Research Article

Malignant Transformation of Giant Cell Tumor of Bone and the Association with Denosumab Treatment: A Radiology and Pathology Perspective

Figure 3

Case 3, same case as in Figure 2; local recurrence occurred 1 year after curettage, followed by denosumab treatment. After en bloc resection, the diagnosis of malignant GCTB was made. (a) Coronal CT image performed for follow-up approximately 1 year after surgery showed osteolysis along the medial bone-cement interface (arrows) in keeping with local recurrence. Denosumab treatment was started after this scan. (b) Coronal CT image after 10 months of denosumab therapy showed increased density in the osteolytic area of recurrence due to formation of fibro-osseous tissue (vertical arrow at the medial femoral condyle), the tumor expanded further into the soft tissues with an irregular margin (horizontal arrows).
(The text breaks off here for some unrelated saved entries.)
(* For every problem $f$ we have $\overline{f'}\le_{sW}(\overline f)'\equiv_{sW}\overline{(\overline f)'}$. In particular, if $f$ is strongly complete (i.e. $f\equiv_{sW}\overline f$), then its jump $f'$ is strongly complete.
   Context: Represented space $(X,\delta_X)$: set with surjective partial $\delta_X:\subseteq\mathbb{N}^\mathbb{N}\to X$. A problem $f:\subseteq X\rightrightarrows Y$ is a partial multi-valued map with nonempty values on its domain; $F\vdash f$ means $\delta_YF(p)\in f(\delta_X(p))$ whenever $\delta_X(p)\in\mathrm{dom}(f)$. $f\le_{sW}g$ iff there are computable partial $H,K:\subseteq\mathbb{N}^\mathbb{N}\to\mathbb{N}^\mathbb{N}$ with $HGK\vdash f$ for all $G\vdash g$; $\equiv_{sW}$ is the induced equivalence. $\lim:\subseteq\mathbb{N}^\mathbb{N}\to\mathbb{N}^\mathbb{N}$ maps $\langle p_0,p_1,\dots\rangle$ (standard infinite tupling) to $\lim_n p_n$ when it exists. The jump of $f:\subseteq X\rightrightarrows Y$ is $f':\subseteq X'\rightrightarrows Y$, the same multi-valued map with input space $X'=(X,\delta_X\circ\lim)$. For $p\in\mathbb{N}^\mathbb{N}$, $p-1$ is the concatenation of $p(0)-1,p(1)-1,\dots$ with $0-1$ the empty word. The completion of $(X,\delta_X)$ is $\overline X=X\cup\{\bot\}$ with $\delta_{\overline X}(p)=\delta_X(p-1)$ if $p-1$ is an infinite sequence in $\mathrm{dom}(\delta_X)$, $\delta_{\overline X}(p)=\bot$ otherwise; the completion of $f$ is $\overline f:\overline X\rightrightarrows\overline Y$, $\overline f(x)=f(x)$ on $\mathrm{dom}(f)$ and $\overline Y$ otherwise. *)

From Stdlib Require Import Arith Lia List Cantor FunctionalExtensionality.
Import ListNotations.

Definition baire := nat -> nat.

(** * Oracle partial recursive functions (Kleene's mu-recursion relative to
    an oracle p : baire).  [eval p e v y] : machine [e] with oracle [p] on
    argument list [v] halts with output [y]. *)
Inductive rf : Type :=
| rZero : rf
| rSucc : rf
| rProj : nat -> rf
| rOracle : rf
| rComp : rf -> rfs -> rf
| rPrec : rf -> rf -> rf
| rMu : rf -> rf
with rfs : Type :=
| rnil : rfs
| rcons : rf -> rfs -> rfs.

Inductive eval (p : baire) : rf -> list nat -> nat -> Prop :=
| eZero v : eval p rZero v 0
| eSucc v : eval p rSucc v (S (hd 0 v))
| eProj i v : eval p (rProj i) v (nth i v 0)
| eOracle v : eval p rOracle v (p (hd 0 v))
| eComp f gs v ws y :
    evals p gs v ws -> eval p f ws y -> eval p (rComp f gs) v y
| ePrec0 f g v y : eval p f v y -> eval p (rPrec f g) (0 :: v) y
| ePrecS f g n v r y :
    eval p (rPrec f g) (n :: v) r -> eval p g (n :: r :: v) y ->
    eval p (rPrec f g) (S n :: v) y
| eMu f v n :
    eval p f (n :: v) 0 ->
    (forall m, m < n -> exists k, eval p f (m :: v) (S k)) ->
    eval p (rMu f) v n
with evals (p : baire) : rfs -> list nat -> list nat -> Prop :=
| esNil v : evals p rnil v []
| esCons g gs v y ys :
    eval p g v y -> evals p gs v ys -> evals p (rcons g gs) v (y :: ys).

(** The computable partial map [F : baire -> baire] computed by machine [e]:
    [runs e p q] iff on input (oracle) [p] the machine outputs every [q n]. *)
Definition runs (e : rf) (p q : baire) : Prop :=
  forall n, eval p e [n] (q n).

(** * Represented spaces: a surjective partial map delta :⊆ baire -> X,
    given as a functional, surjective relation. *)
Record repr_space : Type := {
  carrier :> Type;
  delta : baire -> carrier -> Prop;
  delta_fun : forall p x y, delta p x -> delta p y -> x = y;
  delta_surj : forall x : carrier, exists p, delta p x
}.
Lemma Mcp_monotone {X Y : Poset} (T : X -> Y) :
  Mcp T -> forall a b, le a b -> le (T a) (T b).
Proof.
  intros HT a b Hab.
  pose (D := fun x : X => x = a \/ x = b).
  assert (Hle_b : forall x, D x -> le x b)
    by (intros x [-> | ->]; [exact Hab | apply le_refl]).
  assert (HD : directed D).
  { intros l Hl; exists b; split; [right; reflexivity |].
    intros x Hx; apply Hle_b, Hl, Hx. }
  assert (Hsup : is_sup D b)
    by (split; [exact Hle_b | intros u Hu; apply Hu; right; reflexivity]).
  apply (proj1 (HT D HD b Hsup)); exists a; split; [left |]; reflexivity.
Qed.

Lemma Mcp_id {X : Poset} : Mcp (fun x : X => x).
Proof.
  intros D _ s Hs; apply (is_sup_ext D); [| exact Hs].
  intros y; split; [intros Dy; exists y; auto | intros [x [Dx <-]]; exact Dx].
Qed.

Lemma Mcp_comp {X Y Z : Poset} (f : X -> Y) (g : Y -> Z) :
  Mcp f -> Mcp g -> Mcp (fun x => g (f x)).
Proof.
  intros Hf Hg D HD s Hs.
  assert (HfD : directed (image f D)) by (apply directed_image; [apply Mcp_monotone |]; auto).
  apply (is_sup_ext (image g (image f D))); [apply image_comp |].
  exact (Hg _ HfD _ (Hf D HD s Hs)).
Qed.

Lemma is_sup_const {X Y : Poset} (D : X -> Prop) (c : Y) :
  directed D -> is_sup (image (fun _ => c) D) c.
Proof.
  intros HD; destruct (directed_nonempty D HD) as [x Dx]; split.
  - intros y [x' [_ <-]]; apply le_refl.
  - intros u Hu; apply Hu; exists x; auto.
Qed.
In addition, proximal to the area of local recurrence there was a newly formed component of osteoid matrix (dotted arrows), suspicious for progression to osteosarcoma. (c) Photograph of tumor macroscopy (sagittal section) after en bloc resection shows the cementum from the previous surgery, surrounded by tumor tissue extending into the soft tissue. (d) Sagittal CT reformatted after the macroscopy section (Figure 3(c)) shows endomedullary cement and holes due to previous screw tracts, surrounded by denosumab changes (asterisk). Posterior soft tissue mass is noted with osteoid matrix formation suspicious for an osteosarcoma (dotted arrows). (e) Histology at the time of resection; low power view displaying highly cellular spindle cell proliferation with areas of tumor necrosis (left) and the formation of tumor osteoid (right). Scale bar of 50 μm. (f) Tumor osteoid in high-power field fitting with the histological features of an osteosarcoma. Scale bar 50 μm.